Exercise directions:
In the records that follow, find each line with the word "constant" and copy it.

>>>

(* Let $f \in \mathbb{C}[x_1,\ldots,x_n]$ be a homogeneous polynomial of degree $d$ whose dimension of partial derivatives is exactly $w$, and let $A_1,\ldots,A_n \in \mathbb{C}^{w\times w}$ be the multiplication tables of the apolar ideal $f^{\perp} \subseteq \mathbb{C}[t_1,\ldots,t_n]$ of $f(t_1,\ldots,t_n)$. Define $$G(\mathbf{x},\mathbf{t}) := \prod_{i=1}^{n}\left(\sum_{k=0}^{d} \frac{1}{k!} t_i^k x_i^k\right).$$ Then there exists a vector $\mathbf{v}\in\mathbb{C}^w$ such that $$\sum_{j\in[w]} v_j \cdot G(x_1,\ldots,x_n,A_1,\ldots,A_n)[1,j] = f(\mathbf{x}),$$ where $G(\mathbf{x},A_1,\ldots,A_n)$ is the $w\times w$ matrix with entries in $\mathbb{C}[\mathbf{x}]$ obtained by substituting $A_i$ for $t_i$ (and the identity matrix for $1$), and $[1,j]$ denotes its $(1,j)$ entry.
   Context: The dimension of partial derivatives of $f$ is $\dim_{\mathbb{C}}\mathrm{span}_{\mathbb{C}}\{\partial_{\mathbf{e}} f : \mathbf{e}\in\mathbb{N}^n\}$, where $\partial_{\mathbf{e}}$ is the partial derivative with respect to the monomial $\mathbf{x}^{\mathbf{e}}$ (with $\mathbf{e}=\mathbf{0}$ giving $f$). For $g = \sum_{\mathbf{e}} g_{\mathbf{e}}\mathbf{t}^{\mathbf{e}}$, the derivative operator $D_g := \sum_{\mathbf{e}} g_{\mathbf{e}} \partial_{\mathbf{e}}$. The apolar ideal $f^{\perp}\subseteq\mathbb{C}[\mathbf{t}]$ is the ideal generated by $\{h\in\mathbb{C}[\mathbf{t}] : D_h f(\mathbf{t}) \equiv 0\}$. Fix the degree-wise lexicographic monomial order on $\mathbb{C}[t_1,\ldots,t_n]$ with $t_1\prec t_2\prec\cdots\prec t_n$. The normal set of $f^{\perp}$ is the set of monomials that are not the leading monomial of any element of $f^{\perp}$; for $g\in\mathbb{C}[\mathbf{t}]$, $[g]$ denotes the unique polynomial supported on the normal set with $g-[g]\in f^{\perp}$. The normal set is finite with exactly $w$ elements; list them as $1 = m_1\prec m_2\prec\cdots\prec m_w$. The multiplication tables are the $w\times w$ matrices $A_\ell$, $\ell\in[n]$, with $A_\ell(i,j) :=$ the coefficient of $m_j$ in $[t_\ell\cdot m_i]$; these matrices pairwise commute. *)

From HB Require Import structures.
From mathcomp Require Import all_boot all_order all_algebra.
From mathcomp Require Import Rstruct.
From mathcomp.real_closed Require Import complex.
From mathcomp Require Import mpoly.

Set Implicit Arguments.
Unset Strict Implicit.
Unset Printing Implicit Defensive.

Import GRing.Theory.
Local Open Scope ring_scope.

Notation CC := ((Rdefinitions.R)[i]).

Section Apolar.
Variable n : nat.
Implicit Types (f g h p q : {mpoly CC[n]}) (m e : 'X_{1..n}).

Definition pderiv_mon e f : {mpoly CC[n]} := mderivm e f.

Definition Dop g f : {mpoly CC[n]} :=
  \sum_(m <- msupp g) g@_m *: pderiv_mon m f.

Definition in_span (S : {mpoly CC[n]} -> Prop) p : Prop :=
  exists r : seq (CC * {mpoly CC[n]}),
    (forall x, x \in r -> S x.2) /\ p = \sum_(x <- r) x.1 *: x.2.

Definition span_dim (S : {mpoly CC[n]} -> Prop) (w : nat) : Prop :=
  exists b : 'I_w -> {mpoly CC[n]},
    [/\ forall i, in_span S (b i),
        forall c : 'I_w -> CC, \sum_(i < w) c i *: b i = 0 -> forall i, c i = 0
      & forall p, S p -> in_span (fun q => exists i, q = b i) p].

Definition pd_dim f (w : nat) : Prop :=
  span_dim (fun q => exists e, q = pderiv_mon e f) w.

Definition in_ideal (S : {mpoly CC[n]} -> Prop) h : Prop :=
  exists r : seq ({mpoly CC[n]} * {mpoly CC[n]}),
    (forall x, x \in r -> S x.2) /\ h = \sum_(x <- r) x.1 * x.2.

Definition apolar f h : Prop := in_ideal (fun g => Dop g f = 0) h.

(* degree-wise lexicographic order on monomials with t_1 < t_2 < ... < t_n
   (variable t_k is index k-1 : 'I_n) : strict comparison m1 < m2 *)
Definition deglex_lt (m1 m2 : 'X_{1..n}) : bool :=
  (mdeg m1 < mdeg m2)%N ||
  ((mdeg m1 == mdeg m2) &&
   [exists i : 'I_n, (m1 i < m2 i)%N &&
                      [forall j : 'I_n, (i < j)%N ==> (m1 j == m2 j)]]).

Definition is_lead_mon g m : Prop :=
  g@_m != 0 /\ forall m', g@_m' != 0 -> m' != m -> deglex_lt m' m.

Definition normal_set f m : Prop :=
  ~ exists g, apolar f g /\ is_lead_mon g m.

Definition is_normal_form f g p : Prop :=
  (forall m, p@_m != 0 -> normal_set f m) /\ apolar f (g - p).

Definition Gmat (w d : nat) (A : 'I_n -> 'M[CC]_w) : 'M[{mpoly CC[n]}]_w :=
  \prod_(i < n) \sum_(k < d.+1)
     ((k`!%:R)^-1 *: 'X_i ^+ k) *: map_mx (fun c : CC => c%:MP_[n]) (A i ^+ k).

End Apolar.

From HB Require Import structures.
From mathcomp Require Import all_boot all_order all_algebra.
From mathcomp Require Import Rstruct.
From mathcomp.real_closed Require Import complex.
From mathcomp Require Import mpoly bigenough.
From mathcomp.multinomials Require Import ssrcomplements.

(* Since D_(gh) = D_g o D_h and every element of f^perp kills f, the table A_l
   expresses D_(t_l m_i) f in the family (D_(m_j) f)_j, and multiplicativity
   extends this to all monomials: as m_1 = 1,
   D_(t^k) f = sum_j (prod_l A_l^(k_l))[1,j] D_(m_j) f.  Comparing constant
   terms gives k! f_k = sum_j (prod_l A_l^(k_l))[1,j] v_j, where v_j is the
   constant term of D_(m_j) f.  Finally G(x, A) expands as the sum over all k
   with k_l <= d of x^k/k! prod_l A_l^(k_l); this range of k contains the
   support of the degree-d form f, so sum_j v_j G[1,j] = sum_k f_k x^k = f. *)

Set Implicit Arguments.
Unset Strict Implicit.
Unset Printing Implicit Defensive.

Import GRing.Theory BigEnough.
Local Open Scope ring_scope.

Lemma mcoeff0_mderivm (R : ringType) n m (p : {mpoly R[n]}) :
  (mderivm m p)@_0%MM = p@_m *+ \prod_(i < n) (m i)`!.
Proof.
rewrite mcoeff_mderivm addm0; congr (_ *+ _).
by apply: eq_bigr => i _; rewrite ffactnn.
Qed.

Section Apolarity.
Variable n : nat.
Implicit Types (f g h p : {mpoly CC[n]}) (m : 'X_{1..n}).

Lemma Dop_is_linear g : linear (Dop g).
Proof.
move=> c f1 f2; rewrite /Dop /pderiv_mon scaler_sumr -big_split /=.
by apply: eq_bigr => m _; rewrite linearP scalerDr !scalerA mulrC.
Qed.

HB.instance Definition _ g :=
  GRing.isLinear.Build CC {mpoly CC[n]} {mpoly CC[n]} _ (Dop g) (Dop_is_linear g).

Lemma DopwE K g f : (msize g <= K)%N ->
  Dop g f = \sum_(m : 'X_{1..n < K}) g@_m *: mderivm m f.
Proof.
move=> le_gK; rewrite /Dop /pderiv_mon (big_mksub 'X_{1..n < K}) ?msupp_uniq //=.
  by rewrite big_rmcond //= => m /memN_msupp_eq0 ->; rewrite scale0r.
by move=> m /msize_mdeg_lt /leq_trans; apply.
Qed.

Lemma DopDl f g1 g2 : Dop (g1 + g2) f = Dop g1 f + Dop g2 f.
Proof.
pose_big_enough K; first rewrite !(@DopwE K) // -big_split /=.
  by apply: eq_bigr => m _; rewrite mcoeffD scalerDl.
by close.
Qed.

Lemma DopZl f c g : Dop (c *: g) f = c *: Dop g f.
Proof.
pose_big_enough K; first rewrite !(@DopwE K) // scaler_sumr.
  by apply: eq_bigr => m _; rewrite mcoeffZ scalerA.
by close.
Qed.

Lemma Dop0l f : Dop 0 f = 0.
Proof. by rewrite /Dop msupp0 big_nil. Qed.

Lemma DopBl f g1 g2 : Dop (g1 - g2) f = Dop g1 f - Dop g2 f.
Proof. by rewrite DopDl -scaleN1r DopZl scaleN1r. Qed.

Lemma Dop_suml f I (r : seq I) (P : pred I) (F : I -> {mpoly CC[n]}) :
  Dop (\sum_(i <- r | P i) F i) f = \sum_(i <- r | P i) Dop (F i) f.
Proof.
elim/big_rec2: _ => [|i g1 g2 _ <-]; first exact: Dop0l.
exact: DopDl.
Qed.

Lemma DopX m f : Dop 'X_[m] f = mderivm m f.
Proof. by rewrite /Dop msuppX big_seq1 mcoeffX eqxx scale1r. Qed.

Lemma DopC c f : Dop c%:MP f = c *: f.
Proof. by rewrite -[c%:MP]mulr1 -mpolyX0 mul_mpolyC DopZl DopX mderivm0m. Qed.

Lemma DopM g h f : Dop (g * h) f = Dop g (Dop h f).
Proof.
rewrite mpolyME big_allpairs Dop_suml {3}/Dop; apply: eq_bigr => m1 _.
rewrite Dop_suml /pderiv_mon linear_sum scaler_sumr; apply: eq_bigr => m2 _.
by rewrite DopZl DopX linearZ /= scalerA addmC mderivmDm.
Qed.

Lemma apolar_Dop_eq0 f h : apolar f h -> Dop h f = 0.
Proof.
case=> r [rS ->]; rewrite Dop_suml big_seq big1 // => x /rS Dx.
by rewrite DopM Dx linear0.
Qed.

Lemma normal_form_Dop f g p : is_normal_form f g p -> Dop g f = Dop p f.
Proof. by case=> _ /apolar_Dop_eq0/eqP; rewrite DopBl subr_eq0 => /eqP. Qed.

Lemma deglex_ltxx m : deglex_lt m m = false.
Proof.
rewrite /deglex_lt ltnn eqxx /=; apply/existsP => -[i /andP[]].
by rewrite ltnn.
Qed.

Lemma deglex_lt0 m : deglex_lt m 0%MM = false.
Proof.
rewrite /deglex_lt mdeg0 ltn0 /=; apply/negbTE/nandP; right.
by apply/existsP => -[i /andP[]]; rewrite mnm0E ltn0.
Qed.

Lemma lead_mon0_const g : is_lead_mon g 0%MM -> g = (g@_0%MM)%:MP.
Proof.
case=> _ lead_g; apply/mpolyP => m; rewrite mcoeffC.
have [->|m_neq0] := eqVneq m 0%MM; first by rewrite mulr1.
rewrite mulr0; apply/eqP; apply: contraT => gm_neq0.
by rewrite -(deglex_lt0 m) lead_g.
Qed.

Lemma normal_set0 f : f != 0 -> normal_set f 0%MM.
Proof.
move=> f_neq0 [g [apolar_g lead_g]]; have [g0_neq0 _] := lead_g.
move: (apolar_Dop_eq0 apolar_g); rewrite (lead_mon0_const lead_g) DopC.
by move/eqP; rewrite scaler_eq0 (negbTE g0_neq0) (negbTE f_neq0).
Qed.

Lemma pd_dim0 w : pd_dim (0 : {mpoly CC[n]}) w -> w = 0%N.
Proof.
case: w => // w [b [b_span b_free _]].
have b0 i : b i = 0.
  case: (b_span i) => r [rD ->]; rewrite big_seq big1 // => x /rD [e ->].
  by rewrite /pderiv_mon linear0 scaler0.
have := b_free (fun _ => 1) _ ord0; rewrite big1 => [/(_ erefl)/eqP|i _].
  by rewrite oner_eq0.
by rewrite b0 scaler0.
Qed.

End Apolarity.

Lemma mpolyE_enum (R : ringType) n (I : finType) (e : I -> 'X_{1..n})
    (p : {mpoly R[n]}) :
  injective e -> (forall m, p@_m != 0 -> exists i, e i = m) ->
  p = \sum_(i : I) p@_(e i) *: 'X_[e i].
Proof.
move=> e_inj p_in_e; apply/mpolyP => m; rewrite raddf_sum /=.
under eq_bigr => i _ do rewrite mcoeffZ mcoeffX.
have [pm0|pm_neq0] := eqVneq p@_m 0.
  by rewrite pm0 big1 // => i _; case: eqP => [->|]; rewrite ?pm0 ?mul0r ?mulr0.
have [i <-] := p_in_e m pm_neq0.
rewrite (bigD1 i) //= eqxx mulr1 big1 ?addr0 // => j j_neq_i.
by rewrite (inj_eq e_inj) (negbTE j_neq_i) mulr0.
Qed.

Section Box.
Variables n d : nat.

Definition box_mnm (g : {ffun 'I_n -> 'I_d.+1}) : 'X_{1..n} :=
  [multinom (g i : nat) | i < n].

Lemma box_mnm_inj : injective box_mnm.
Proof.
move=> g1 g2 /mnmP eq_g; apply/ffunP => i; apply/val_inj.
by have := eq_g i; rewrite !mnmE.
Qed.

Lemma dhomog_box (R : ringType) (p : {mpoly R[n]}) m :
  p \is d.-homog -> p@_m != 0 -> exists g, box_mnm g = m.
Proof.
move=> p_homog pm_neq0.
have mdeg_m : mdeg m = d by apply: (dhomog_mf p_homog); rewrite mcoeff_msupp.
have m_box i : (m i < d.+1)%N by rewrite ltnS -mdeg_m mdegE (bigD1 i) ?leq_addr.
by exists [ffun i => Ordinal (m_box i)]; apply/mnmP => i; rewrite mnmE ffunE.
Qed.

(* The algebra structure on square matrices is only declared for sizes w.+1. *)
Lemma Gmat_coefE w (A : 'I_n -> 'M[CC]_w.+1) i j :
  Gmat d A i j = \sum_(g : {ffun 'I_n -> 'I_d.+1})
    ((\prod_l (g l)`!%:R^-1) * (\prod_l A l ^+ g l) i j) *: 'X_[box_mnm g].
Proof.
rewrite /Gmat bigA_distr_bigA summxE; apply: eq_bigr => g _.
have -> : 'X_[box_mnm g] = \prod_l 'X_l ^+ g l :> {mpoly CC[n]}.
  by rewrite mpolyXE_id; apply: eq_bigr => l _; rewrite mnmE.
by rewrite !scaler_prod -rmorph_prod !mxE mulrC mul_mpolyC scalerA mulrC.
Qed.

End Box.

Section MultiplicationTables.
Variables (n w : nat) (f : {mpoly CC[n]}).
Variables (ms : 'I_w -> 'X_{1..n}) (A : 'I_n -> 'M[CC]_w).
Hypothesis ms_sorted : forall i j : 'I_w, (i < j)%N -> deglex_lt (ms i) (ms j).
Hypothesis ms_normal : forall m, normal_set f m <-> exists i, ms i = m.
Hypothesis A_table : forall (l : 'I_n) (i : 'I_w), exists p,
  is_normal_form f ('X_l * 'X_[ms i]) p /\ forall j, A l i j = p@_(ms j).

Lemma ms_inj : injective ms.
Proof.
move=> i j eq_ij; apply/val_inj/eqP; case: ltngtP => // lt_ij;
  by have := ms_sorted lt_ij; rewrite eq_ij deglex_ltxx.
Qed.

Lemma ms_first (hw : (0 < w)%N) : f != 0 -> ms (Ordinal hw) = 0%MM.
Proof.
move=> f_neq0; have [i ms_i] := (ms_normal 0%MM).1 (normal_set0 f_neq0).
have [i0|i_gt0] := posnP i; first by rewrite (_ : Ordinal hw = i) //; apply: val_inj.
by have := ms_sorted (i_gt0 : (Ordinal hw < i)%N); rewrite ms_i deglex_lt0.
Qed.

Definition represents (M : 'M[CC]_w) (h : {mpoly CC[n]}) :=
  forall i, Dop (h * 'X_[ms i]) f = \sum_j M i j *: Dop 'X_[ms j] f.

Lemma represents1 : represents 1 1.
Proof.
move=> i; rewrite mul1r (bigD1 i) //= mxE eqxx scale1r big1 ?addr0 // => j j_neq_i.
by rewrite mxE eq_sym (negbTE j_neq_i) scale0r.
Qed.

Lemma representsM M1 M2 h1 h2 :
  represents M1 h1 -> represents M2 h2 -> represents (M1 * M2) (h1 * h2).
Proof.
move=> rep1 rep2 i; rewrite -mulrA mulrCA DopM rep1 linear_sum /=.
under eq_bigr => j _ do rewrite linearZ /= -DopM rep2 scaler_sumr.
rewrite exchange_big /=; apply: eq_bigr => k _.
by rewrite -mulmxE mxE scaler_suml; apply: eq_bigr => j _; rewrite scalerA.
Qed.

Lemma representsX M h k : represents M h -> represents (M ^+ k) (h ^+ k).
Proof.
move=> rep; elim: k => [|k IHk]; first by rewrite !expr0; exact: represents1.
by rewrite !exprS; apply: representsM.
Qed.

Lemma represents_table l : represents (A l) 'X_l.
Proof.
move=> i; have [p [nf_p A_p]] := A_table l i.
have p_in_ms m : p@_m != 0 -> exists j, ms j = m by move/(nf_p.1 m)/ms_normal.
rewrite (normal_form_Dop nf_p) {1}(mpolyE_enum ms_inj p_in_ms) Dop_suml.
by apply: eq_bigr => j _; rewrite DopZl A_p.
Qed.

Lemma represents_prod_table (k : 'I_n -> nat) :
  represents (\prod_l A l ^+ k l) (\prod_l 'X_l ^+ k l).
Proof.
apply: (big_rec2 represents); first exact: represents1.
by move=> l M h _; apply/representsM/representsX/represents_table.
Qed.

Definition weight j := (Dop 'X_[ms j] f)@_0%MM.

Lemma mcoeff_tableMn (hw : (0 < w)%N) (k : 'I_n -> nat) : f != 0 ->
  f@_[multinom k l | l < n] *+ \prod_l (k l)`! =
  \sum_j (\prod_l A l ^+ k l) (Ordinal hw) j * weight j.
Proof.
move=> f_neq0; have := congr1 (mcoeff 0%MM) (represents_prod_table k (Ordinal hw)).
have -> : \prod_l 'X_l ^+ k l = 'X_[[multinom k l | l < n]] :> {mpoly CC[n]}.
  by rewrite mpolyXE_id; apply: eq_bigr => l _; rewrite mnmE.
rewrite ms_first // mpolyX0 mulr1 DopX mcoeff0_mderivm raddf_sum /=.
under [in RHS]eq_bigr => j _ do rewrite mcoeffZ.
by move <-; congr (_ *+ _); apply: eq_bigr => l _; rewrite mnmE.
Qed.

Lemma mcoeff_tableE (hw : (0 < w)%N) (k : 'I_n -> nat) : f != 0 ->
  f@_[multinom k l | l < n] =
  \sum_j weight j * ((\prod_l (k l)`!%:R^-1) * (\prod_l A l ^+ k l) (Ordinal hw) j).
Proof.
move=> f_neq0; under [RHS]eq_bigr => j _ do rewrite mulrCA [weight _ * _]mulrC.
rewrite -mulr_sumr -(mcoeff_tableMn hw k f_neq0) -mulr_natl mulrA.
rewrite natr_prod -big_split /= big1 ?mul1r // => l _.
by rewrite mulVf // Num.Theory.pnatr_eq0 -lt0n fact_gt0.
Qed.

End MultiplicationTables.

Theorem lemma3p5 (n d w : nat) (hw : (0 < w)%N) (f : {mpoly CC[n]})
  (ms : 'I_w -> 'X_{1..n}) (A : 'I_n -> 'M[CC]_w) :
  f \is d.-homog ->
  pd_dim f w ->
  (* m_1 < m_2 < ... < m_w enumerate the normal set of f^perp *)
  (forall i j : 'I_w, (i < j)%N -> deglex_lt (ms i) (ms j)) ->
  (forall m, normal_set f m <-> exists i, ms i = m) ->
  (* A_l(i,j) = coefficient of m_j in [t_l * m_i] *)
  (forall (l : 'I_n) (i : 'I_w), exists p,
      is_normal_form f ('X_l * 'X_[ms i]) p /\
      forall j, A l i j = p@_(ms j)) ->
  exists v : 'I_w -> CC,
    \sum_(j < w) v j *: Gmat d A (Ordinal hw) j = f.
Proof.
case: w hw ms A => // w hw ms A f_homog f_pd ms_sorted ms_normal A_table.
have f_neq0 : f != 0 by apply/eqP => f0; move: f_pd; rewrite f0 => /pd_dim0.
exists (weight f ms).
rewrite [RHS](mpolyE_enum (@box_mnm_inj n d) (fun m => dhomog_box f_homog)).
under eq_bigr => j _ do rewrite Gmat_coefE scaler_sumr.
rewrite exchange_big /=; apply: eq_bigr => g _.
under eq_bigr => j _ do rewrite scalerA.
by rewrite -scaler_suml (mcoeff_tableE ms_sorted ms_normal A_table hw).
Qed.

<<<

Answer to this exercise:
   D_(t^k) f = sum_j (prod_l A_l^(k_l))[1,j] D_(m_j) f.  Comparing constant
   constant term of D_(m_j) f.  Finally G(x, A) expands as the sum over all k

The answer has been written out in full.